XML does have overhead. As a text-based format, it can increase storage requirements by 1000%, as Mr. Ou notes. Likewise, parsing it can take time, which means more CPU cycles spent handling XML. It's like the difference between a steak and a steak milkshake. One gets digested a lot faster (I don't know why that analogy popped into my head...just thought I'd creep everyone out).

The lesson from all this is that XML is inappropriate for large blocks of data. Databases will always store their data in the "easily digestible" binary format, saving space and processing time in an area where performance is critically important. Situations where large amounts of data are to be exchanged over a network are also poor candidates for a text-based data format. You wouldn't ever consider encoding video in a text format, even though it is theoretically possible.

Even Microsoft, which strongly supports use of XML in its software, understands the performance penalty of XML. Yukon, a.k.a. SQL Server 2005, integrates support for XML natively. You can define columns as XML, and associate schemas with those columns to validate the data inserted into them. However, that XML is NOT stored as a text string. It is parsed and stored in an efficient binary format better suited to the high-throughput and high-performance needs of a database environment.

XML, however, does have advantages that become more important in small-to-medium sized data management situations.

Which is easier to deconstruct, an arbitrary blob of matter or an arbitrary blob of legos? Clearly, legos are easier to untangle, because legos connect in a rigorously well-defined fashion.

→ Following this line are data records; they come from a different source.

(* Let $\pi:E\to\mathbb{R}^k$ be a fiber bundle, $L:J^1\pi\to\mathbb{R}$ a Lagrangian and ${\bf\Gamma}=(\Gamma_1,\dots,\Gamma_k)$ an integrable SOPDE on $J^1\pi$. Then $$\sum_{\alpha=1}^k\mathcal{L}_{\Gamma_\alpha}\Theta^\alpha_L=dL$$ if and only if $$\Gamma_\alpha\Big(\frac{\partial L}{\partial v^i_\alpha}\Big)-\frac{\partial L}{\partial q^i}=0,\qquad i=1,\dots,n.$$
   Context: $E$ is $(n+k)$-dimensional with adapted coordinates $(x^\alpha,q^i)$; $J^1\pi$ has induced coordinates $(x^\alpha,q^i,v^i_\alpha)$; summation over repeated indices. The Poincaré–Cartan $1$-forms are $\Theta^\alpha_L=L\,dx^\alpha+dL\circ S^\alpha$, where $S^\alpha$ is the canonical $(1,1)$-tensor field on $J^1\pi$ associated with $dx^\alpha$, locally $S^\alpha=(dq^i-v^i_\beta dx^\beta)\otimes\partial/\partial v^i_\alpha$; hence locally $\Theta^\alpha_L=\frac{\partial L}{\partial v^i_\alpha}(dq^i-v^i_\beta dx^\beta)+L\,dx^\alpha$. A SOPDE is a $k$-tuple of vector fields on $J^1\pi$ of the local form $\Gamma_\alpha=\partial/\partial x^\alpha+v^i_\alpha\partial/\partial q^i+\Gamma^i_{\alpha\beta}\partial/\partial v^i_\beta$ (equivalently $dx^\alpha(\Gamma_\beta)=\delta^\alpha_\beta$, $(dq^i-v^i_\gamma dx^\gamma)(\Gamma_\beta)=0$). Integrable means there is an integral section (a map $\psi:U\subset\mathbb{R}^k\to J^1\pi$ with $\psi_*(\partial/\partial x^\alpha)=\Gamma_\alpha\circ\psi$) through every point; the paper assumes throughout that integrable SOPDEs satisfy $[\Gamma_\alpha,\Gamma_\beta]=0$, equivalently $\Gamma^i_{\alpha\beta}=\Gamma^i_{\beta\alpha}$ and $\Gamma_\alpha(\Gamma^i_{\beta\gamma})=\Gamma_\beta(\Gamma^i_{\alpha\gamma})$. *)

(* Local (adapted-coordinate) model of J^1 pi. *)
From HB Require Import structures.
From mathcomp Require Import all_boot all_order all_algebra.
From mathcomp Require Import all_classical all_reals.
From mathcomp Require Import topology normedtype derive.
Set Implicit Arguments. Unset Strict Implicit. Unset Printing Implicit Defensive.
Import Order.TTheory GRing.Theory Num.Theory.
Import numFieldNormedType.Exports.
Local Open Scope classical_set_scope.
Local Open Scope ring_scope.

Section J1.
Variables (R : realType) (k n : nat).

(* A point of J^1 pi in adapted coordinates (x^alpha, q^i, v^i_alpha):
   p.1 : 'rV_k  holds x,  p.2.1 : 'rV_n holds q,  p.2.2 : 'M_(n,k) holds v
   (v^i_alpha = p.2.2 i alpha).  Tangent vectors are elements of the same space. *)
Definition J1 := ('rV[R]_k * ('rV[R]_n * 'M[R]_(n, k)))%type.

Definition xc (p : J1) (a : 'I_k) : R := p.1 0 a.
Definition qc (p : J1) (i : 'I_n) : R := p.2.1 0 i.
Definition vc (p : J1) (i : 'I_n) (a : 'I_k) : R := p.2.2 i a.

Definition e_x (a : 'I_k) : J1 := (delta_mx 0 a, (0, 0)).
Definition e_q (i : 'I_n) : J1 := (0, (delta_mx 0 i, 0)).
Definition e_v (i : 'I_n) (a : 'I_k) : J1 := (0, (0, delta_mx i a)).

Fixpoint iterD (vs : seq J1) (f : J1 -> R) : J1 -> R :=
  if vs is v :: vs' then fun p => 'D_v (iterD vs' f) p else f.
Definition smooth_on (D : set J1) (f : J1 -> R) : Prop :=
  forall (vs : seq J1) (p : J1), D p -> differentiable (iterD vs f) p.

Definition smooth_vf (D : set J1) (X : J1 -> J1) : Prop :=
  (forall a, smooth_on D (fun p => xc (X p) a)) /\
  (forall i, smooth_on D (fun p => qc (X p) i)) /\
  (forall i a, smooth_on D (fun p => vc (X p) i a)).

Definition vfapp (X : J1 -> J1) (f : J1 -> R) (p : J1) : R := 'D_(X p) f p.

Definition lie_bracket (X Y : J1 -> J1) (p : J1) : J1 :=
  'D_(X p) Y p - 'D_(Y p) X p.

Definition dF (f : J1 -> R) (p : J1) (w : J1) : R := 'D_w f p.
Definition dx (a : 'I_k) (p : J1) (w : J1) : R := xc w a.

Definition S (a : 'I_k) (p : J1) (w : J1) : J1 :=
  \sum_(i < n) (qc w i - \sum_(b < k) vc p i b * xc w b) *: e_v i a.

Definition Theta (L : J1 -> R) (a : 'I_k) (p : J1) (w : J1) : R :=
  L p * dx a p w + dF L p (S a p w).

(* Lie derivative of a 1-form along a vector field, coordinate formula
   (L_X omega)_p(w) = X_p(omega(w)) + omega_p(D_w X)  (w extended as a constant field) *)
Definition lie1 (X : J1 -> J1) (om : J1 -> J1 -> R) (p : J1) (w : J1) : R :=
  'D_(X p) (fun p' => om p' w) p + om p ('D_w X p).

Definition is_SOPDE (D : set J1) (G : 'I_k -> J1 -> J1) : Prop :=
  (forall b, smooth_vf D (G b)) /\
  forall b p, D p ->
    (forall a, xc (G b p) a = (a == b)%:R) /\
    (forall i, qc (G b p) i - \sum_(c < k) vc p i c * xc (G b p) c = 0).

Definition integral_section_through (D : set J1) (G : 'I_k -> J1 -> J1)
    (U : set 'rV[R]_k) (psi : 'rV[R]_k -> J1) (p : J1) : Prop :=
  open U /\ (exists2 y0, U y0 & psi y0 = p) /\
  forall y, U y -> D (psi y) /\ differentiable psi y /\
    forall a : 'I_k, 'D_(delta_mx 0 a) psi y = G a (psi y).

(* integrable SOPDE: integral sections through every point, together with the
   paper's standing assumption [Gamma_a, Gamma_b] = 0 *)
Definition integrable_SOPDE (D : set J1) (G : 'I_k -> J1 -> J1) : Prop :=
  is_SOPDE D G /\
  (forall p, D p -> exists U psi, integral_section_through D G U psi p) /\
  (forall a b p, D p -> lie_bracket (G a) (G b) p = 0).

End J1.

From HB Require Import structures.
From mathcomp Require Import all_boot all_order all_algebra.
From mathcomp Require Import all_classical all_reals.
From mathcomp Require Import topology normedtype derive.
From mathcomp Require Import ring.
Import Order.TTheory GRing.Theory Num.Theory.
Import numFieldNormedType.Exports.
Local Open Scope classical_set_scope.
Local Open Scope ring_scope.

The same applies to XML. XML is a standard means of representing data. There are literally piles of XML validation, parsing and management tools, and the technologies for manipulating XML are standardized and well-understood. XML, therefore, takes the lego-approach to representing data. That approach can be very useful.

One use is that XML can be read by humans. That matters to developers, but it also matters indirectly to consumers.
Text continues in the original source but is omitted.